Евгений Борисович протянул ему здоровую руку, и Авинов её с чувством пожал.
— Знаете… э-э… Кирилл Антонович, — проговорил Петерс, — я по-настоящему рад нашему знакомству, поскольку за Юрковским числились… хм… грешки, скажем так. Хотя… вы очень на него похожи.
— Потому и занял его место, — суховато сказал Кирилл.
— Я верю вам, Кирилл Антонович, — сказал офицер с проникновенностью, — и в то, что с вами приключилось в прошлом году и нынче, тоже верю. Не потому, что мистик. Просто, слушая вас, я невольно будил в себе скептика, но тот спит беспробудно! Уж слишком всё логично у вас выходило, жёстко, верно. Если желаете знать, я с самого лета ощущаю некую странность. Уж слишком нам всё удаётся! Да нет, я понимаю, сколько сил затрачено, сколько пота и крови пролито, чтобы только потеснить красных, и всё равно… Не бывает же так, чтобы армии всегда сопутствовала удача! А вот теперь у меня в голове всё разом и сложилось. И что же теперь делать станем?
Авинову стало приятно, что этот человек сказал: «мы».
— Больше всего, — признался он, — я боюсь теперь, что знания из будущего не задержатся в моей голове или меня пуля найдёт.
— Правильно, — кивнул Петерс. — Надо все чертежи доверить ватману, всё как есть записать…
— …И доставить нашим! — подхватил Кирилл, вынимая из-под подушки папку для бумаг. — Вот здесь уже многое записано. Дежурная секретарша Ленина стенографировала за мной и всё сдавала Троцкому. Как нам удалось изъять эти бумаги, кто нам помог выйти за кремлёвские стены — это я расскажу только Ряснянскому. Вы уж простите…
Евгений Борисович отмахнулся только.
— Вы правы совершенно! — сказал он. — А… можно взглянуть?
Авинов молча протянул ему папку.
Евгений Борисович принял её здоровой рукой, положил на столик, раскрыл осторожно, словно древний манускрипт.
На стенке у двери висела керосинка с толстым стеклом, и Петерс подкрутил колёсико, делая огонёк поярче, приблизил раскрытую папку к свету поближе, вчитался в записи на листке, лежавшем сверху.

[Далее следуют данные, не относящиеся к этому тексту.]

(* Let $\mathcal A\subset\mathbb R^n$ be compact with diameter $D_{\mathcal A}<\infty$, let $\mathcal X=\mathrm{conv}(\mathcal A)$ or $\mathcal X=\mathrm{lin}(\mathcal A)$, and let $f$ be convex and differentiable with $L$-Lipschitz gradient. Let $\{x_t\}_{t\ge0}$ be generated by the AC-FW algorithm described in the context, let $\eta\in(1,2)$, and assume Conditions (D) and (S) hold, with $R\ge1$ the constant of part (iii) of Condition (S). Let $\{h_t\}_{t\ge0}$ denote the elements of $\mathcal G\cap\mathcal I_\eta$ in increasing order. Then for any $t\ge0$, $$f(x_{h_t})-f(x^\star)\le\frac{\max\left\{\left(\frac{2R}{2-\eta}-1\right)(f(x_0)-f(x^\star)),\ \frac{2LR^2D_{\mathcal A}^2}{2-\eta}\right\}}{t+\frac{2R}{2-\eta}-1}.$$
   Context: $D_{\mathcal A}:=\sup_{x,y\in\mathcal A}\|x-y\|_2$; $\|\nabla f(x)-\nabla f(y)\|_2\le L\|x-y\|_2$. $x^\star$ is an optimal solution of $\min_{x\in\mathcal X}f(x)$. For $x\ne y$, $\ell(x,y):=2|f(y)-f(x)-\nabla f(x)^\top(y-x)|/\|y-x\|_2^2$, $\ell(x,x):=0$. AC-FW algorithm: given a damping sequence $\{r_t\}_{t\ge0}$ and a direction-finding subroutine, pick $x_{-1}\in\mathcal A$, $x_0\in\arg\min_{v\in\mathcal A}\nabla f(x_{-1})^\top v$, $L_0:=\ell(x_{-1},x_0)$. For $t=0,1,\dots$: $v_t\in\arg\min_{v\in\mathcal A}\nabla f(x_t)^\top v$; the subroutine returns $d_t\in\mathbb R^n$ and $\gamma_t^{\max}\in(0,\infty]$; $\gamma_t:=\min\{\nabla f(x_t)^\top d_t/(L_t\|d_t\|_2^2),\gamma_t^{\max}\}$; $\bar x_{t+1}:=x_t-\gamma_td_t$; $L_{t+1}:=\max\{\ell(x_t,\bar x_{t+1}),r_tL_t\}$; $x_{t+1}:=\bar x_{t+1}$ if $f(\bar x_{t+1})<f(x_t)$, else $x_{t+1}:=x_t$. $\mathcal I_\eta:=\{t\ge0:L_{t+1}\le\eta L_t\}$; $\mathcal G:=\{t\ge0:\gamma_t^{\max}\ge1\text{ or }\gamma_t<\gamma_t^{\max}\}$. Condition (D): $r_t\in(0,1]$ for all $t$ and $\prod_{t\ge0}r_t\in(0,1]$. Condition (S): for all $t\ge0$: (i) $\|d_t\|_2\le D_{\mathcal A}$ and $x_t-\gamma d_t\in\mathcal X$ for all finite $\gamma\in[0,\gamma_t^{\max}]$; (ii) $\mathcal G$ is infinite; (iii) since $f$ is convex, there is a constant $R\ge1$ independent of $t$ with $\nabla f(x_t)^\top d_t\ge(f(x_t)-f(x^\star))/R$. *)

From HB Require Import structures.
From mathcomp Require Import all_boot all_order all_algebra.
From mathcomp Require Import all_classical all_reals all_analysis.
Set Implicit Arguments. Unset Strict Implicit. Unset Printing Implicit Defensive.
Import Order.TTheory GRing.Theory Num.Theory.
Import numFieldNormedType.Exports.
Local Open Scope classical_set_scope.
Local Open Scope ring_scope.

Section Defs.
Variables (R : realType) (n : nat).
Notation V := 'rV[R]_n.

Definition dotv (u v : V) : R := \sum_(i < n) u ord0 i * v ord0 i.
Definition enorm (u : V) : R := Num.sqrt (dotv u u).

Definition diam (A : set V) : R := sup [set enorm (p.1 - p.2) | p in A `*` A].

Definition convhull (A : set V) : set V :=
  [set x | exists (k : nat) (w : 'I_k -> R) (a : 'I_k -> V),
     (forall i, 0 <= w i) /\ \sum_(i < k) w i = 1 /\ (forall i, A (a i)) /\
     x = \sum_(i < k) w i *: a i].

Definition linspan (A : set V) : set V :=
  [set x | exists (k : nat) (w : 'I_k -> R) (a : 'I_k -> V),
     (forall i, A (a i)) /\ x = \sum_(i < k) w i *: a i].

Definition convex_fun (f : V -> R) : Prop :=
  forall (x y : V) (s : R), 0 <= s <= 1 ->
    f (s *: x + (1 - s) *: y) <= s * f x + (1 - s) * f y.

Definition is_gradient (f : V -> R) (grad : V -> V) : Prop :=
  forall x : V, differentiable f x /\ forall v : V, 'd f x v = dotv (grad x) v.

Definition ell (f : V -> R) (grad : V -> V) (x y : V) : R :=
  if x == y then 0
  else 2 * `|f y - f x - dotv (grad x) (y - x)| / (enorm (y - x)) ^+ 2.

End Defs.

(* Along the run the curvature estimates Lc t stay in (0, L] and every iterate is
   feasible, so the gaps f (x t) - f x* are nonnegative and nonincreasing.  At an
   index s of G cap I_eta the trial point obeys the quadratic upper model with
   constant eta * Lc s.  An unclipped step then decreases f by at least
   (1 - eta/2) <grad f, d>^2 / (Lc s |d|^2), whence gap_s^2 <= P (gap_s - gap_{s+1})
   with P = 2 L R^2 D^2 / (2 - eta); a clipped step has gamma >= 1 and decreases f
   by at least (1 - eta/2) <grad f, d> >= gap_s / B with B = 2 R / (2 - eta).
   Either decrease propagates the invariant gap * (k + B - 1) <= max ((B - 1) gap_0, P)
   along the enumeration h. *)

From HB Require Import structures.
From mathcomp Require Import all_boot all_order all_algebra.
From mathcomp Require Import all_classical all_reals all_analysis.
From mathcomp Require Import lra ring.
Set Implicit Arguments. Unset Strict Implicit. Unset Printing Implicit Defensive.
Import Order.TTheory GRing.Theory Num.Theory.
Import numFieldNormedType.Exports.
Local Open Scope classical_set_scope.
Local Open Scope ring_scope.

Section InnerProduct.
Variables (R : realType) (n : nat).
Implicit Types u w z : 'rV[R]_n.

Lemma dotvC u w : dotv u w = dotv w u.
Proof. by apply: eq_bigr => i _; rewrite mulrC. Qed.

Lemma dotvDl u w z : dotv (u + w) z = dotv u z + dotv w z.
Proof. by rewrite /dotv -big_split; apply: eq_bigr => i _; rewrite !mxE mulrDl. Qed.

Lemma dotvZl (s : R) u w : dotv (s *: u) w = s * dotv u w.
Proof. by rewrite /dotv mulr_sumr; apply: eq_bigr => i _; rewrite !mxE mulrA. Qed.

Lemma dotvNl u w : dotv (- u) w = - dotv u w.
Proof. by rewrite -scaleN1r dotvZl mulN1r. Qed.

Lemma dotvBl u w z : dotv (u - w) z = dotv u z - dotv w z.
Proof. by rewrite dotvDl dotvNl. Qed.

Lemma dotvDr u w z : dotv z (u + w) = dotv z u + dotv z w.
Proof. by rewrite dotvC dotvDl !(dotvC z). Qed.

Lemma dotvZr (s : R) u w : dotv w (s *: u) = s * dotv w u.
Proof. by rewrite dotvC dotvZl dotvC. Qed.

Lemma dotv0r u : dotv u 0 = 0.
Proof. by rewrite /dotv big1 // => i _; rewrite mxE mulr0. Qed.

Lemma dotvv_ge0 u : 0 <= dotv u u.
Proof. by apply: sumr_ge0 => i _; rewrite -expr2 sqr_ge0. Qed.

Lemma dotvv_gt0 u : u != 0 -> 0 < dotv u u.
Proof.
move=> u0; rewrite lt_def dotvv_ge0 andbT; apply: contra u0 => /eqP uu0.
apply/eqP/rowP => i; rewrite mxE.
have /psumr_eq0P sq0 := uu0.
have /eqP := sq0 (fun k _ => sqr_ge0 (u ord0 k)) i isT.
by rewrite mulf_eq0 orbb => /eqP.
Qed.

Lemma enorm_ge0 u : 0 <= enorm u.
Proof. exact: sqrtr_ge0. Qed.

Lemma enorm_sqr u : enorm u ^+ 2 = dotv u u.
Proof. by rewrite sqr_sqrtr // dotvv_ge0. Qed.

Lemma enormZ (s : R) u : enorm (s *: u) = `|s| * enorm u.
Proof. by rewrite /enorm dotvZl dotvZr mulrA -expr2 sqrtrM ?sqr_ge0 // sqrtr_sqr. Qed.

Lemma discriminant_le (a b c : R) : 0 <= c ->
  (forall s, 0 <= a + 2 * b * s + c * s ^+ 2) -> b ^+ 2 <= a * c.
Proof.
move=> c0 nonneg; have [{}c0|] := ltP 0 c.
  have := nonneg (- b / c).
  have -> : a + 2 * b * (- b / c) + c * (- b / c) ^+ 2 = a - b ^+ 2 / c.
    by field; rewrite gt_eqF.
  by rewrite subr_ge0 ler_pdivrMr // mulrC.
move=> c_le0; have c_eq0 : c = 0 by apply/le_anti; rewrite c_le0 c0.
subst c; rewrite mulr0.
have [-> | b0] := eqVneq b 0; first by rewrite expr0n.
have := nonneg (- (a + 1) / (2 * b)).
have -> : a + 2 * b * (- (a + 1) / (2 * b)) + 0 * (- (a + 1) / (2 * b)) ^+ 2 = -1.
  by field.
by rewrite ler0N1.
Qed.

Lemma cauchy_schwarz u w : dotv u w <= enorm u * enorm w.
Proof.
have sq : dotv u w ^+ 2 <= dotv u u * dotv w w.
  apply: discriminant_le => [|s]; first exact: dotvv_ge0.
  have := dotvv_ge0 (u + s *: w).
  by rewrite !dotvDl !dotvDr !dotvZl !dotvZr (dotvC w u) => /le_trans; apply; lra.
apply: le_trans (ler_norm _) _.
rewrite -(@ler_pXn2r _ 2) ?nnegrE ?normr_ge0 ?mulr_ge0 ?enorm_ge0 //.
by rewrite exprMn !enorm_sqr real_normK ?num_real.
Qed.

End InnerProduct.

Section Hulls.
Variables (R : realType) (n : nat) (A : set 'rV[R]_n).

Lemma subset_convhull : A `<=` convhull A.
Proof.
move=> y Ay; exists 1%N, (fun=> 1), (fun=> y).
by rewrite !big_ord1 scale1r; split=> //; exact: ler01.
Qed.

Lemma subset_linspan : A `<=` linspan A.
Proof. by move=> y Ay; exists 1%N, (fun=> 1), (fun=> y); rewrite big_ord1 scale1r. Qed.

End Hulls.

Section Smoothness.
Variables (R : realType) (n : nat) (f : 'rV[R]_n -> R) (grad : 'rV[R]_n -> 'rV[R]_n).
Hypothesis grad_f : is_gradient f grad.

Lemma is_derive_line (x u : 'rV[R]_n) (s : R) :
  is_derive s 1 (fun t : R => f (t *: u + x)) (dotv (grad (s *: u + x)) u).
Proof.
set p := s *: u + x.
have quotient_eq : (fun h : R => h^-1 *: (((fun t : R => f (t *: u + x)) \o shift s)
    (h *: 1) - f (s *: u + x))) = (fun h : R => h^-1 *: ((f \o shift p) (h *: u) - f p)).
  apply/funext => h /=; rewrite /p; congr (_ *: (f _ - _)).
  by rewrite scalerDl [_ *: (1:R)]mulr1 addrA.
have [df dfE] := grad_f p.
apply: DeriveDef; first by rewrite /derivable quotient_eq; exact: diff_derivable.
by rewrite /derive quotient_eq -/(derive f p u) deriveE.
Qed.

Variable L : R.
Hypothesis grad_lipschitz : forall y z, enorm (grad y - grad z) <= L * enorm (y - z).

Lemma descent_lemma (x y : 'rV[R]_n) :
  f y - f x - dotv (grad x) (y - x) <= L / 2 * dotv (y - x) (y - x).
Proof.
set u := y - x; set c := dotv (grad x) u; set q := L / 2 * dotv u u.
pose phi t := f (t *: u + x) - c * t - q * t ^+ 2.
have dphi (s : R) : is_derive s 1 phi (dotv (grad (s *: u + x)) u - c - q * (2 * s)).
  (* [dline] is picked up by the instance search of [exact: _] below *)
  have dline := is_derive_line x u s.
  have : is_derive s 1 ((fun t : R => f (t *: u + x)) - c \*: id - q \*: (@id R ^+ 2))
      (dotv (grad (s *: u + x)) u - c *: (1:R) - q *: ((2%:R * id s ^+ 1) *: (1:R))).
    exact: _.
  have -> : (fun t : R => f (t *: u + x)) - c \*: id - q \*: (@id R ^+ 2) = phi.
    by apply/funext => t /=; rewrite /phi /= expr2.
  by move=> /is_derive_eq; apply; rewrite /GRing.scale /= !mulr1 expr1.
have dphi_le0 (s : R) : s \in `]0, 1[ -> derive1 phi s <= 0.
  rewrite in_itv /= => /andP [s0 _]; rewrite derive1E derive_val.
  have := grad_lipschitz (s *: u + x) x; rewrite addrK enormZ gtr0_norm // => lip.
  have := cauchy_schwarz (grad (s *: u + x) - grad x) u; rewrite dotvBl -/c.
  move=> /le_trans /(_ (ler_wpM2r (enorm_ge0 u) lip)).
  have -> : L * (s * enorm u) * enorm u = q * (2 * s) by rewrite /q -enorm_sqr; field.
  lra.
have : phi 1 <= phi 0.
  have phi_derivable (s : R) : derivable phi s 1 by have [] := dphi s.
  apply: (@ler0_derive1_le_cc _ phi 0 1) => //.
  - by apply: derivable_within_continuous => s _; exact: phi_derivable.
  - by rewrite in_itv /= ler01 lexx.
  - by rewrite in_itv /= ler01 lexx.
rewrite /phi scale1r scale0r add0r subrK expr1n expr0n /= !mulr0 !mulr1 !subr0.
lra.
Qed.

End Smoothness.

Section Curvature.
Variables (R : realType) (n : nat) (f : 'rV[R]_n -> R) (grad : 'rV[R]_n -> 'rV[R]_n).

Lemma is_gradientN : is_gradient f grad ->
  is_gradient (fun x => - f x) (fun x => - grad x).
Proof.
move=> grad_f x; have [df dfE] := grad_f x; split; first exact: differentiableN.
move=> v; rewrite (_ : (fun x => - f x) = - f) // (diffN df).
by rewrite -[LHS]/(- 'd f x v) dfE dotvNl.
Qed.

Lemma descent_of_ell_le (K : R) (x y : 'rV[R]_n) : ell f grad x y <= K ->
  f y - f x - dotv (grad x) (y - x) <= K / 2 * dotv (y - x) (y - x).
Proof.
rewrite /ell; have [->|xy] := eqVneq x y => ellK.
  by rewrite !subrr !dotv0r subr0 mulr0.
have uu_gt0 : 0 < dotv (y - x) (y - x) by rewrite dotvv_gt0 // subr_eq0 eq_sym.
rewrite enorm_sqr ler_pdivrMr // in ellK.
by apply: le_trans (ler_norm _) _; lra.
Qed.

Variable L : R.
Hypothesis grad_f : is_gradient f grad.
Hypothesis grad_lipschitz : forall y z, enorm (grad y - grad z) <= L * enorm (y - z).

Lemma descent_lemma_norm (x y : 'rV[R]_n) :
  `|f y - f x - dotv (grad x) (y - x)| <= L / 2 * dotv (y - x) (y - x).
Proof.
have lipN y' z' : enorm (- grad y' - - grad z') <= L * enorm (y' - z').
  by rewrite -opprD -scaleN1r enormZ normrN1 mul1r.
have := descent_lemma (is_gradientN grad_f) lipN x y.
have := descent_lemma grad_f grad_lipschitz x y.
rewrite dotvNl ler_norml; lra.
Qed.

Lemma ell_le_lipschitz (x y : 'rV[R]_n) : x != y -> ell f grad x y <= L.
Proof.
move=> xy; have uu_gt0 : 0 < dotv (y - x) (y - x) by rewrite dotvv_gt0 // subr_eq0 eq_sym.
rewrite /ell (negbTE xy) enorm_sqr ler_pdivrMr //.
by have := descent_lemma_norm x y; lra.
Qed.

End Curvature.

Section Recurrence.
Variable R : realFieldType.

— «…Впервые пенициллин использовался лекарями инков из племени кальяуайя, а также тибетскими монахами, собиравшими плесень, нараставшую на масле из молока яков…» — бормотал он. — «Антимикробный препарат, выделяемый из штамма гриба Penicillum notatum или Penicillum crustosum… Лечит крупозное и очаговое воспаление лёгких, сифилис, сепсис, гнойные инфекции… Производится методом глубинного брожения. Основные стадии: брожение мицелия, погружённого в огромные (750–800 пудов) баки-ферментеры; адсорбция пенициллина активированным углём… Начинать можно со способа поверхностного выращивания продуцента (то бишь на поверхности культуральной среды), хоть в бутылях, и постоянно расширять площадь посева мицелия в любом месте — на колбасной фабрике, в тыловых госпиталях, в пустых цехах заводов…»

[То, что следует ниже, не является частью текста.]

Lemma Palg_factor X T1 T2 k (a : 'I_k -> R[i]) (P1 P2 : 'I_k -> op d R) :
  Palg e r alpha F X -> [disjoint T1 & T2] ->
  (forall y, [disjoint ball e r y & T1] || [disjoint ball e r y & T2]) ->
  (forall b, a b != 0) -> orthonormal P2 ->
  (forall b, supported (P1 b) T1) -> (forall b, supported (P2 b) T2) ->
  X = \sum_b a b *: (P1 b *m P2 b) -> forall b, Palg e r alpha F (P1 b).
Proof.
move=> [[OX [hOX defX]] XI] T12 far a0 onP2 hP1 hP2 decX b.
have [[_ alphaM _ [beta alphaK betaK]] alpha_loc] := alphaQCA.
have P1comm B Z : [disjoint B & T1] || [disjoint B & T2] ->
    supported Z B -> comm_mx X Z -> comm_mx (P1 b) Z.
  by move=> BT hZ XZ; apply: factor_comm T12 BT a0 onP2 hP1 hP2 decX hZ XZ b.
split.
- exists (beta (P1 b)); split; last by rewrite betaK.
  apply/supportedP => // y yF Z hZ; apply: (can_inj alphaK).
  rewrite !alphaM betaK; apply: P1comm (far y) (alpha_loc y Z hZ) _.
  move/(supportedP d_gt0): hOX => /(_ y yF Z hZ) OXZ.
  by rewrite -defX /comm_mx -!alphaM OXZ.
- move=> Q hQ.
  have hP1I : supported (P1 b) (~: interior e r F).
    apply/supportedP => // y; rewrite inE negbK => yI Z hZ.
    apply: (P1comm _ _ _ hZ); last first.
      by apply: XI; apply: (supported_subset d_gt0 _ hZ); rewrite sub1set.
    by case/orP: (far y) => yT; apply/orP; [left | right];
      apply: disjointWl yT; rewrite sub1set ball_center.
  by apply: supported_disjoint_comm hP1I hQ _; rewrite disjoints_subset.
Qed.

Кирилл поёжился, отвлекшись на противную мыслишку: а верит ли ему Петерс по-настоящему или притворяется только, лишь бы не расстраивать несчастного однополчанина, повредившегося в уме?

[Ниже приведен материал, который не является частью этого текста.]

Lemma sqrt_op_poincare y : DB y -> l1 * ip y y <= ip (B y) (B y).
Proof.
move=> DBy; have [B_sa _ DAB AB] := HB; have [w DBw Bw] := sqrt_op_surj y.
have Dw : D w by apply/DAB; rewrite Bw.
have -> : B y = A w by rewrite AB // Bw.
have -> : ip y y = ip (A w) w.
  have DBBw : DB (B w) by rewrite Bw.
  by rewrite -Bw (selfadjoint_sym B_sa) // -AB // ipC.
(* [l1 <A w, w>^2 <= l1 |w|^2 |A w|^2 <= <A w, w> |A w|^2] *)
have lw := op_ge_spectrum_min Dw; have cs := ip_cauchy_schwarz (A w) w.
have p_ge0 : 0 <= ip (A w) w by apply: le_trans lw; rewrite mulr_ge0 ?ipP ?ltW.
have [->|p_neq0] := eqVneq (ip (A w) w) 0; first by rewrite mulr0 ipP.
have p_gt0 : 0 < ip (A w) w by rewrite lt_def p_neq0 p_ge0.
rewrite -(ler_pM2r p_gt0); have := ipP (A w); have := l1_gt0; nra.
Qed.

Lemma normm1E th : exists y, [/\ DB y, B y = th & normm1 ip DB B th = hnorm ip y].
Proof.
pose P := [set x | DB x /\ B x = th].
have [y DBy Byth] := sqrt_op_surj th.
have [] : P (xget 0 P) by apply: xgetPex; exists y.
by exists (xget 0 P).
Qed.

Section Energy.
Variables (alpha gamma mu eta rho : R).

А если всё ещё хуже и гаже, и весь этот «второй смысловой уровень» — набор полной чуши?
А Евгений Борисович всё не отпускал папку, вслух вычитывая неровные строчки:
— «Очистка экстракцией растворителями с получением натриевой соли; сушка в высоком вакууме с вымораживанием и выпариванием; упаковка…» Бож-же мой… — промолвил он дребезжащим голосом и потряс бумагами. — Да вы хоть понимаете, что этот ваш пенициллин сильнее всякого оружия?!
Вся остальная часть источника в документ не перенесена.